DATA TO USE
(* Some projection proj s is not parallel to proj 0 (checked among proj 1 and
   proj 2, using that three projections are dependent). *)
Lemma gram_second_axis : exists s, (s < m)%nat /\ s <> 0%nat /\ -1 < gram 0 s < 1.
Proof.
  pose proof Dr_ge3.
  assert (Hlt : forall j, (j < m)%nat -> j <> 0%nat -> gram 0 j < 1).
  { intros j Hj Hj0. pose proof (gram_le 0 j ltac:(lia) Hj ltac:(lia)).
    assert (1 / (Dr - 1) < 1) by (apply (Rmult_lt_reg_r (Dr - 1)); [lra|]; field_simplify; lra). lra. }
  destruct (Rlt_or_le (-1) (gram 0 1)) as [h1|h1].
  { exists 1%nat. split; [lia|split; [lia|]]. split; [auto| apply Hlt; lia]. }
  destruct (Rlt_or_le (-1) (gram 0 2)) as [h2|h2].
  { exists 2%nat. split; [lia|split; [lia|]]. split; [auto| apply Hlt; lia]. }
  exfalso.
  pose proof (gram_bounded 0 1 ltac:(lia) ltac:(lia)). pose proof (gram_bounded 0 2 ltac:(lia) ltac:(lia)).
  assert (E1 : gram 0 1 = -1) by lra. assert (E2 : gram 0 2 = -1) by lra.
  pose proof (gram_le 1 2 ltac:(lia) ltac:(lia) ltac:(lia)).
  assert (1 / (Dr - 1) < 1) by (apply (Rmult_lt_reg_r (Dr - 1)); [lra|]; field_simplify; lra).
  destruct (proj_triple_dep 0 1 2 ltac:(lia) ltac:(lia) ltac:(lia)) as [la [mu [nu [Hnz Hrel]]]].
  pose proof (proj_triple_gram 0 1 2 la mu nu 0 ltac:(lia) ltac:(lia) ltac:(lia) ltac:(lia) Hrel) as G0.
  pose proof (proj_triple_gram 0 1 2 la mu nu 1 ltac:(lia) ltac:(lia) ltac:(lia) ltac:(lia) Hrel) as G1.
  pose proof (proj_triple_gram 0 1 2 la mu nu 2 ltac:(lia) ltac:(lia) ltac:(lia) ltac:(lia) Hrel) as G2.
  rewrite !gram_diag in G0, G1, G2 by lia.
  rewrite (gram_sym 1 0), (gram_sym 2 0), E1, E2 in G0. rewrite E1 in G1. rewrite E2 in G2. rewrite (gram_sym 2 1) in G1.
  set (t := gram 1 2) in *.
  assert (Hnu : (t - 1) * nu = 0) by lra. assert (Hmu : (t - 1) * mu = 0) by lra.
  apply Rmult_integral in Hnu. apply Rmult_integral in Hmu.
  apply Hnz. destruct Hnu as [|Hnu]; [lra|]. destruct Hmu as [|Hmu]; [lra|]. repeat split; lra.
Qed.

Lemma proj_span s j : (s < m)%nat -> s <> 0%nat -> -1 < gram 0 s < 1 -> (j < m)%nat ->
  exists be ga, forall k, proj j k = be * proj 0 k + ga * proj s k.
Proof.
  intros Hs Hs0 [Hk1 Hk2] Hj.
  destruct (proj_triple_dep 0 s j ltac:(lia) Hs Hj) as [la [mu [nu [Hnz Hrel]]]].
  destruct (Req_dec nu 0) as [Hnu|Hnu].
  - exfalso. subst nu.
    pose proof (proj_triple_gram 0 s j la mu 0 0 ltac:(lia) ltac:(lia) Hs Hj Hrel) as G0.
    pose proof (proj_triple_gram 0 s j la mu 0 s Hs ltac:(lia) Hs Hj Hrel) as G1.
    rewrite !gram_diag in G0, G1 by lia. rewrite (gram_sym s 0) in G0.
    set (kk := gram 0 s) in *.
    assert (la * (1 - kk * kk) = 0) by nra. apply Rmult_integral in H. destruct H as [Hla|]; [|nra].
    subst la. assert (mu = 0) by lra. apply Hnz; repeat split; lra.
  - exists (- la / nu), (- mu / nu). intros k. specialize (Hrel k).
    apply (Rmult_eq_reg_l nu); auto. field_simplify; auto. lra.
Qed.

Lemma gram_of_span s i b g z : (s < m)%nat -> (i < m)%nat -> (z < m)%nat ->
  (forall k, proj i k = b * proj 0 k + g * proj s k) -> gram i z = b * gram 0 z + g * gram s z.
Proof.
  intros Hs Hi Hz Hbg.
  assert (Hrel : forall k, b * proj 0 k + g * proj s k + -1 * proj i k = 0) by (intros k; rewrite Hbg; ring).
  pose proof (proj_triple_gram 0 s i b g (-1) z Hz ltac:(lia) Hs Hi Hrel). lra.
Qed.

(* Planar coordinates in the orthonormal frame obtained from proj 0 and proj s
   by Gram-Schmidt. *)
Definition plane_x (j : nat) : R := gram 0 j.
Definition plane_y (s j : nat) : R := (gram s j - gram 0 s * gram 0 j) / sqrt (1 - gram 0 s * gram 0 s).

EXERCISE REQUIREMENTS
Find the lines above that contain the word "pose" and collect them.

OUTPUT FOR THIS TASK
  pose proof Dr_ge3.
  { intros j Hj Hj0. pose proof (gram_le 0 j ltac:(lia) Hj ltac:(lia)).
  pose proof (gram_bounded 0 1 ltac:(lia) ltac:(lia)). pose proof (gram_bounded 0 2 ltac:(lia) ltac:(lia)).
  pose proof (gram_le 1 2 ltac:(lia) ltac:(lia) ltac:(lia)).
  pose proof (proj_triple_gram 0 1 2 la mu nu 0 ltac:(lia) ltac:(lia) ltac:(lia) ltac:(lia) Hrel) as G0.
  pose proof (proj_triple_gram 0 1 2 la mu nu 1 ltac:(lia) ltac:(lia) ltac:(lia) ltac:(lia) Hrel) as G1.
  pose proof (proj_triple_gram 0 1 2 la mu nu 2 ltac:(lia) ltac:(lia) ltac:(lia) ltac:(lia) Hrel) as G2.
    pose proof (proj_triple_gram 0 s j la mu 0 0 ltac:(lia) ltac:(lia) Hs Hj Hrel) as G0.
    pose proof (proj_triple_gram 0 s j la mu 0 s Hs ltac:(lia) Hs Hj Hrel) as G1.
  pose proof (proj_triple_gram 0 s i b g (-1) z Hz ltac:(lia) Hs Hi Hrel). lra.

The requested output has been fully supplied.